Behold - Spiral Staircase and Slide. Very infrequently do dreams become a reality. Here, a man has bridged the ultimate gap between childish desire and gravity-defying utility. Beautiful.


"You may have defeated my Southern Hook Palm technique, but can you defeat the 1000 styles of Rumsfeld?" [link]

And, while we're on the topic of the military, you should definately read "The 213 Things Skippy is No Longer Allowed to Do in the U.S. Army". [link] I found this on the net a while ago but recently came across it again.

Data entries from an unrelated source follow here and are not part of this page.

Lemma formal_solution_is_sol Phi :
  formal_solution t5 t2 x QU QV QW PU PV PW Phi -> is_sol K dTheta_rev Lcal_rev Phi.
Proof.
move=> [_ fs]; apply: functional_extensionality => n.
have le_dTheta : (msize dTheta <= K.+1)%N by rewrite /sol_order; lia.
have le_Lpol : (msize Lpol <= K.+1)%N by rewrite /sol_order; lia.
have eT : \sum_(m < msize dTheta) Defs.coefZ Phi (m%:Z - (K%:Z - n%:Z)) *m mcoef dTheta m
          = \sum_(i < n.+1) Phi i *m dTheta_rev (n - i).
  rewrite -(@sum_coefZ_cons _ mulmx Phi (mcoef dTheta) 0 (msize dTheta)) ?mulmx0 ?addr0 //.
  - exact: mul0mx.
  - exact: mulmx0.
  - exact: mcoef_eq0.
have eL : \sum_(m < msize Lpol) mcoef Lpol m *m Defs.coefZ Phi (m%:Z - (K%:Z - n%:Z))
          + Lres C *m Defs.coefZ Phi (-1 - (K%:Z - n%:Z))
          = \sum_(i < n.+1) Lcal_rev (n - i) *m Phi i.
  rewrite (@sum_coefZ_cons _ (fun y g => g *m y) Phi (mcoef Lpol) (Lres C) (msize Lpol)) //.
  - exact: mulmx0.
  - exact: mul0mx.
  - exact: mcoef_eq0.
have eE : (K%:Z - n%:Z + 1)%:~R *: Defs.coefZ Phi (- (K%:Z - n%:Z) - 1)
          = - euler_shift K.+1 Phi n.
  rewrite euler_shiftE (_ : - _ - 1 = n%:Z - K.+1%:Z); last by lia.
  rewrite coefZ_sub; case: ifP => le_Kn; last by rewrite scaler0 oppr0.
  rewrite (_ : _ + 1 = - (n - K.+1)%N%:Z); last by lia.
  by rewrite mulrNz scaleNr -pmulrn scaler_nat.
have := fs (K%:Z - n%:Z); rewrite eT eL eE => hE.
rewrite /GRing.sub_fun [conv Lcal_rev Phi n]conv_rev /conv !mulmxE in hE *.
by rewrite -hE opprD opprK addrC subrK.
Qed.

Lemma dTheta_rev_diag q : is_diag_mx (dTheta_rev q).
Proof.
rewrite /dTheta_rev /rev_at; case: ifP => _; last exact: mx0_is_diag.
case: (K.+1 - q)%N => [|m] /=; first exact: mx0_is_diag.
by rewrite mcoef_dTheta diag_mx_is_diag.
Qed.

Lemma dTheta_rev_lt q : (q < K - 6)%N -> dTheta_rev q = 0.
Proof.
move=> lt_q; rewrite /dTheta_rev /rev_at ifT; last by lia.
rewrite (_ : (K.+1 - q = (K - q).+1)%N) /=; last by lia.
by rewrite mcoef_dTheta_eq0 //; lia.
Qed.

Lemma dTheta_rev_lead i j :
  i != j -> dTheta_rev (K - 6) i i != dTheta_rev (K - 6) j j.
Proof.
rewrite /dTheta_rev /rev_at ifT; last by lia.
by rewrite (_ : (K.+1 - (K - 6) = 7)%N); [exact: mcoef_dTheta_lead | rewrite /sol_order; lia].
Qed.

Lemma twist_dTheta_rev q : twist S w dTheta_rev q = w ^- K.+1 *: dTheta_rev q.
Proof.
apply: (twist_rev_at (omega_neq0 C)); apply: cons_series_sym (dTheta_coef_sym _ _ _).
by rewrite mulmx0 mul0mx.
Qed.

Lemma twist_Lcal_rev q : twist S w Lcal_rev q = w ^- K.+1 *: Lcal_rev q.
Proof.
apply: (twist_rev_at (omega_neq0 C)).
exact: cons_series_sym (Lres_sym C) (Lpol_coef_sym _ _ _ _ _ _ _ _ _).
Qed.

Lemma formal_solution_twist Phi :
  formal_solution t5 t2 x QU QV QW PU PV PW Phi -> twist S w Phi = Phi.
Proof.
move=> fs; have sol := formal_solution_is_sol fs.
have Phi0 : Phi 0%N = 1 by case: fs.
symmetry; apply: (sol_unique (leq_subr 6 K) dTheta_rev_diag dTheta_rev_lt dTheta_rev_lead sol).
- apply: (twist_sol (Smx_orthogonal C) (omega_neq0 C)) sol.
  + exact: twist_dTheta_rev.
  + exact: twist_Lcal_rev.
- exact: Phi0.
- by rewrite /twist expr0 invr1 scale1r Phi0 mulmx1 mulmx1C ?Smx_orthogonal.
Qed.

End FormalSolution.
(* Let $(D,\tau,d,\Delta)$ be a TMO instance and let $k\in\{1,\dots,d\}$. Let $D'_k$ be the graph obtained by identifying the sink of the gadget $G_k$ with the source $s$ of $D$ (so $D'_k$ has source $s'$ and sink $t$, and travel times $\tau$ on $D$ and as specified on $G_k$). Then every convoy routing for $(D,\tau,d,\Delta)$ using exactly $k$ paths can be transformed into $k$ pairwise arc-disjoint $s'$-$t$-paths in $D'_k$ whose maximum length equals the makespan of the convoy routing, and conversely every collection of $k$ pairwise arc-disjoint $s'$-$t$-paths in $D'_k$ can be transformed into a convoy routing for $(D,\tau,d,\Delta)$ using $k$ paths whose makespan equals the maximum length of the paths. In particular, the minimum makespan over convoy routings with exactly $k$ paths equals the optimum of \textsc{Min-Max Disjoint Paths} on $D'_k$ with $k$ paths.
   Context: TMO instance $(D,\tau,d,\Delta)$: directed graph $D=(V,A)$ with source $s$, sink $t$, travel times $\tau:A\to\mathbb{Z}_{\ge0}$, $d\in\mathbb{Z}_{\ge1}$ trains and headway $\Delta\in\mathbb{Z}_{\ge1}$. A convoy routing $(\boldsymbol{P},\boldsymbol{\sigma})$ consists of $k\le d$ pairwise arc-disjoint $s$-$t$-paths $P_1,\dots,P_k$ in $D$ and $\boldsymbol{\sigma}\in\mathbb{Z}_{\ge1}^k$ with $\sum_i\sigma_i=d$; its makespan is $\max_{i\in[k]}\{\tau(P_i)+(\sigma_i-1)\Delta\}$, where $\tau(P)=\sum_{a\in P}\tau_a$. The gadget $G_k$ is a bundle graph from $s'$ to its sink: a sequence of $d-k$ consecutive bundles (vertices $u_0=s',u_1,\dots,u_{d-k}$), where the $j$-th bundle consists of $k$ parallel arcs from $u_{j-1}$ to $u_j$, exactly one with travel time $\Delta$ and $k-1$ with travel time $0$; if $d=k$ the gadget is the single vertex $s'=s$. \textsc{Min-Max Disjoint Paths}: find $k$ pairwise arc-disjoint source-sink paths minimizing the maximum path length. *)

From mathcomp Require Import all_boot.
Set Implicit Arguments. Unset Strict Implicit. Unset Printing Implicit Defensive.

Section Graphs.
Variables (V A : finType) (tail head : A -> V).

Fixpoint walk (x y : V) (p : seq A) : bool :=
  match p with
  | [::] => x == y
  | a :: p' => (tail a == x) && walk (head a) y p'
  end.

Definition is_path (x y : V) (p : seq A) : bool :=
  walk x y p && uniq (x :: map head p).

Definition ptime (tau : A -> nat) (p : seq A) : nat := \sum_(a <- p) tau a.

Definition disjoint_paths (k : nat) (x y : V) (P : 'I_k -> seq A) : Prop :=
  (forall i, is_path x y (P i)) /\
  (forall i j, i != j -> forall a, a \in P i -> a \notin P j).

Definition convoy_routing (s t : V) (d k : nat)
    (P : 'I_k -> seq A) (sigma : 'I_k -> nat) : Prop :=
  disjoint_paths s t P /\ (forall i, 1 <= sigma i) /\ \sum_(i < k) sigma i = d.

Definition makespan (tau : A -> nat) (Delta k : nat)
    (P : 'I_k -> seq A) (sigma : 'I_k -> nat) : nat :=
  \max_(i < k) (ptime tau (P i) + (sigma i - 1) * Delta).

Definition maxlen (tau : A -> nat) (k : nat) (P : 'I_k -> seq A) : nat :=
  \max_(i < k) ptime tau (P i).

End Graphs.

(* The graph D'_k: the gadget G_k (with n = d - k bundles, internal vertices
   u_0 = s', ..., u_{n-1}; u_n is identified with s) glued in front of D.
   Gadget arc (j, i) goes from u_j to u_{j+1}; its travel time is Delta
   if i = 0 and 0 otherwise (exactly one Delta-arc per bundle). *)
Section Gadget.
Variables (V A : finType) (tail head : A -> V) (s : V) (tau : A -> nat)
          (d k Delta : nat).

Definition gV := (V + 'I_(d - k))%type.
Definition gA := (A + ('I_(d - k) * 'I_k))%type.

Definition gvert (j : nat) : gV :=
  match (insub j : option 'I_(d - k)) with
  | Some o => inr o
  | None => inl s
  end.

Definition gsource : gV := gvert 0.

Definition gtail (e : gA) : gV :=
  match e with inl a => inl (tail a) | inr (j, _) => gvert j end.

Definition ghead (e : gA) : gV :=
  match e with inl a => inl (head a) | inr (j, _) => gvert j.+1 end.

Definition gtau (e : gA) : nat :=
  match e with inl a => tau a | inr (_, i) => if val i == 0 then Delta else 0 end.

End Gadget.

From mathcomp Require Import all_boot all_fingroup zify.
Set Implicit Arguments. Unset Strict Implicit. Unset Printing Implicit Defensive.

(* Every s'-t path of D'_k crosses the d - k bundles of the gadget in order,
   one arc per bundle, and then follows an s-t path of D.  Pairwise
   arc-disjointness of k such paths forces each bundle to be used by all k
   paths, so its unique Delta-arc is used exactly once: the numbers c_i of
   Delta-arcs on the paths sum to d - k, and sigma_i := c_i + 1 is a train
   distribution whose makespan term tau(P_i) + (sigma_i - 1) Delta is the
   length of the i-th path.  Conversely, given sigma, list every path i
   sigma_i - 1 times to decide which path takes the Delta-arc of each bundle,
   and let the other paths share the remaining 0-arcs of that bundle. *)

Lemma family_disjointP (I : finType) (T : eqType) (P : I -> seq T) :
  (forall i j, i != j -> forall a, a \in P i -> a \notin P j) <->
  (forall i j a, a \in P i -> a \in P j -> i = j).
Proof.
split=> [disj i j a Pi Pj | shared i j ne a Pi]; last first.
  by apply/negP=> /(shared _ _ _ Pi) eq_ij; rewrite eq_ij eqxx in ne.
by apply/eqP; apply: contraT => /disj /(_ a Pi); rewrite Pj.
Qed.

Lemma total_inj_rel_surj (T : finType) (r : rel T) :
  (forall i, exists c, r i c) -> (forall i1 i2 c, r i1 c -> r i2 c -> i1 = i2) ->
  forall c, exists i, r i c.
Proof.
move=> total inj c.
have f_r i : r i (xchoose (total i)) := xchooseP (total i).
have f_inj : injective (fun i => xchoose (total i)).
  by move=> i1 i2 e; apply: (inj _ _ _ (f_r i1)); rewrite e.
have /codomP[i ->] := inj_card_onto f_inj (leqnn #|T|) c.
by exists i.
Qed.
Lemma wsum_coef x F (ms : seq (mono V E)) : uniq ms -> {subset map snd x <= ms} ->
  wsum x F = \sum_(m <- ms) coef x m * F m.
Proof.
move=> ms_uniq xms; rewrite /wsum /coef.
under [RHS]eq_bigr => m _ do rewrite mulr_suml big_mkcond /=.
rewrite exchange_big /=; apply: eq_big_seq => t tx.
rewrite (bigD1_seq t.2) ?xms ?map_f //= eqxx big1 ?addr0 // => m /negPf.
by rewrite eq_sym => ->.
Qed.

Lemma eq_wsum_coef x y F : coef x =1 coef y -> wsum x F = wsum y F.
Proof.
move=> exy; set ms := undup (map snd (x ++ y)).
have ms_uniq : uniq ms by apply: undup_uniq.
rewrite (@wsum_coef x F ms) // => [|m mx]; last by rewrite mem_undup map_cat mem_cat mx.
rewrite (@wsum_coef y F ms) // => [|m my]; last by rewrite mem_undup map_cat mem_cat my orbT.
by apply: eq_bigr => m _; rewrite exy.
Qed.

Lemma coef_nil m : coef ([::] : elt C V E) m = 0.
Proof. by rewrite /coef big_nil. Qed.

Lemma coef_cat x y m : coef (x ++ y) m = coef x m + coef y m.
Proof. by rewrite /coef big_cat. Qed.

Lemma coef_escale c x m : coef (escale c x) m = c * coef x m.
Proof. by rewrite /coef big_map mulr_sumr. Qed.

Lemma coef_esub x y m : coef (esub x y) m = coef x m - coef y m.
Proof. by rewrite /esub coef_cat coef_escale mulN1r. Qed.

Lemma coef_filter (P : pred (mono V E)) x m :
  coef [seq t <- x | P t.2] m = if P m then coef x m else 0.
Proof.
rewrite /coef big_filter_cond; case: ifP => Pm.
  by apply: eq_bigl => t; case: eqP => [->|]; rewrite ?Pm ?andbF.
by rewrite big_pred0 // => t; case: eqP => [->|]; rewrite ?Pm ?andbF.
Qed.

Lemma coef_neq0_mem x m : coef x m != 0 -> m \in map snd x.
Proof.
apply: contraR => mx; rewrite /coef big1_seq // => t /andP[/eqP tm tx].
by case/negP: mx; rewrite -tm map_f.
Qed.

End Combinations.

(* Possibly infinite edge sequences; [None] marks the end of a finite one. *)
Definition stream (E : Type) := nat -> option E.

Definition stream_eqb E (f g : stream E) : bool :=
  if excluded_middle_informative (f = g) then true else false.

Lemma stream_eqP E : Equality.axiom (@stream_eqb E).
Proof. by move=> f g; rewrite /stream_eqb; case: excluded_middle_informative; constructor. Qed.

HB.instance Definition _ E := hasDecEq.Build (stream E) (@stream_eqP E).

Section Streams.
Variable E : eqType.
Implicit Types (f g : stream E) (l : seq E).
Local Open Scope nat_scope.

Fixpoint scat l f : stream E :=
  if l is e :: l' then fun i => if i is i'.+1 then scat l' f i' else Some e else f.

Definition sdrop n f : stream E := fun i => f (i + n).

Fixpoint sprefix l f : bool :=
  if l is e :: l' then (f 0 == Some e) && sprefix l' (sdrop 1 f) else true.

Lemma scat_cat l1 l2 f : scat (l1 ++ l2) f = scat l1 (scat l2 f).
Proof. by elim: l1 => //= e l1 ->. Qed.

Lemma sdrop0 f : sdrop 0 f = f.
Proof. by apply: functional_extensionality => i; rewrite /sdrop addn0. Qed.

Lemma sdropD n m f : sdrop n (sdrop m f) = sdrop (m + n) f.
Proof. by apply: functional_extensionality => i; rewrite /sdrop -addnA (addnC n). Qed.

Lemma sdrop1_scons e l f : sdrop 1 (scat (e :: l) f) = scat l f.
Proof. by apply: functional_extensionality => i; rewrite /sdrop addn1. Qed.

Lemma sdrop_scat l f : sdrop (size l) (scat l f) = f.
Proof.
elim: l => [|e l IH]; first exact: sdrop0.
by rewrite [size _]/= -add1n -sdropD sdrop1_scons.
Qed.

Lemma sprefix_scat l f : sprefix l (scat l f).
Proof. by elim: l => //= e l IH; rewrite eqxx sdrop1_scons IH. Qed.

Lemma sprefixP l f : sprefix l f -> f = scat l (sdrop (size l) f).
Proof.
elim: l f => [|e l IH] f /=; first by rewrite sdrop0.
move=> /andP[/eqP f0 /IH fl]; apply: functional_extensionality => -[|i] //=.
by move: fl; rewrite sdropD add1n => <-; rewrite /sdrop addn1.
Qed.

Lemma sprefix_cat l1 l2 f :
  sprefix (l1 ++ l2) f = sprefix l1 f && sprefix l2 (sdrop (size l1) f).
Proof.
elim: l1 f => [|e l1 IH] f /=; first by rewrite sdrop0.
by rewrite IH sdropD add1n andbA.
Qed.

Lemma sprefix_scat_prefix l1 l2 f :
  sprefix l1 (scat l2 f) -> prefix l1 l2 || prefix l2 l1.
Proof.
elim: l1 l2 => [|e l1 IH] [|e' l2] //=.
by rewrite sdrop1_scons => /andP[/eqP [->] /IH]; rewrite eqxx.
Qed.

Lemma scat_inj l1 l2 f g : size l1 = size l2 -> scat l1 f = scat l2 g -> l1 = l2.
Proof.
elim: l1 l2 => [|e l1 IH] [|e' l2] //= [sz] fg.
have [->] : Some e = Some e' := congr1 (fun h => h 0) fg.
congr cons; apply: IH => //; apply: functional_extensionality => i.
exact: (congr1 (fun h => h i.+1) fg).
Qed.

End Streams.

Section PartitionOfUnit.
Variables (C : numClosedFieldType) (R : pred C).
Hypothesis R_subring : subring_closed R.
Hypothesis R_eupu : eupu R.

HB.instance Definition _ := GRing.isSubringClosed.Build C R R_subring.

Lemma eupu_seq (L : seq C) : {subset L <= R} -> \sum_(x <- L) `|x| ^+ 2 = 1 ->
  exists i, forall j, (j < size L)%N -> j != i -> nth 0 L j = 0.
Proof.
move=> LR L1.
have L1' : \sum_(i < size L) `|nth 0 L i| ^+ 2 = 1.
  by rewrite -(big_mkord xpredT (fun i => `|nth 0 L i| ^+ 2)) -(big_nth 0 xpredT (fun x => `|x| ^+ 2)).
have [i Li] := R_eupu (fun i : 'I_(size L) => LR _ (mem_nth 0 (ltn_ord i))) L1'.
exists (val i) => j jL ji; apply: (Li (Ordinal jL)).
by apply: contra ji => /eqP <-.
Qed.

I already sent this to Jon and hopefully he submits something. I hope you, too, try your hand at the contest. [link]

HBO gets a dude out of a possible Death Penalty for a murder he most definately was falsely accused of. [link]

79 mph "Baby Bullet" to start running in the Bay Area. [link]

And, finally, to satisfy our growing list of concerns about the Iraq situation, Chalmers Johnson posits 12 questions to President Bush in hopes of improving the remainder of his speeches before 30 June. The most interesting, in my estimation, "2. Please tell us: If we plan to return Iraq to the Iraqis, why is the U.S. currently building fourteen permanent bases there?" [link - about halfway down]

The Last Don, and business cards pinched by aligator clips

Finished reading Mario Puzo's The Last Don. I picked it up at a Library Used Book Sale [a 4th of July tradition in these parts]. I hadn't read it but brought it to State in hopes of finishing it before exams. Patrick read it since I was too busy to ever get past the first chapter. He highly recommended it. I kept picturing The Godfather scenes, and some of the plotting is remarkably similar to that of the Godfather movies [sending family "hammers" - read assassins - to The Boot for a few years so they don't get arrested; harassment of Hollywood studio owners/producers; the undeniably wise Don] The departure is that here, Puzo spreads his wealth of knowledge slightly beyond the borders of New York's syndicates to the Family operations in Las Vegas and the Western U.S. I loved the conclusion, sweet revenge delivered masterfully. One criticism: way too much detail on minor characters, could be 50-90 pages shorter.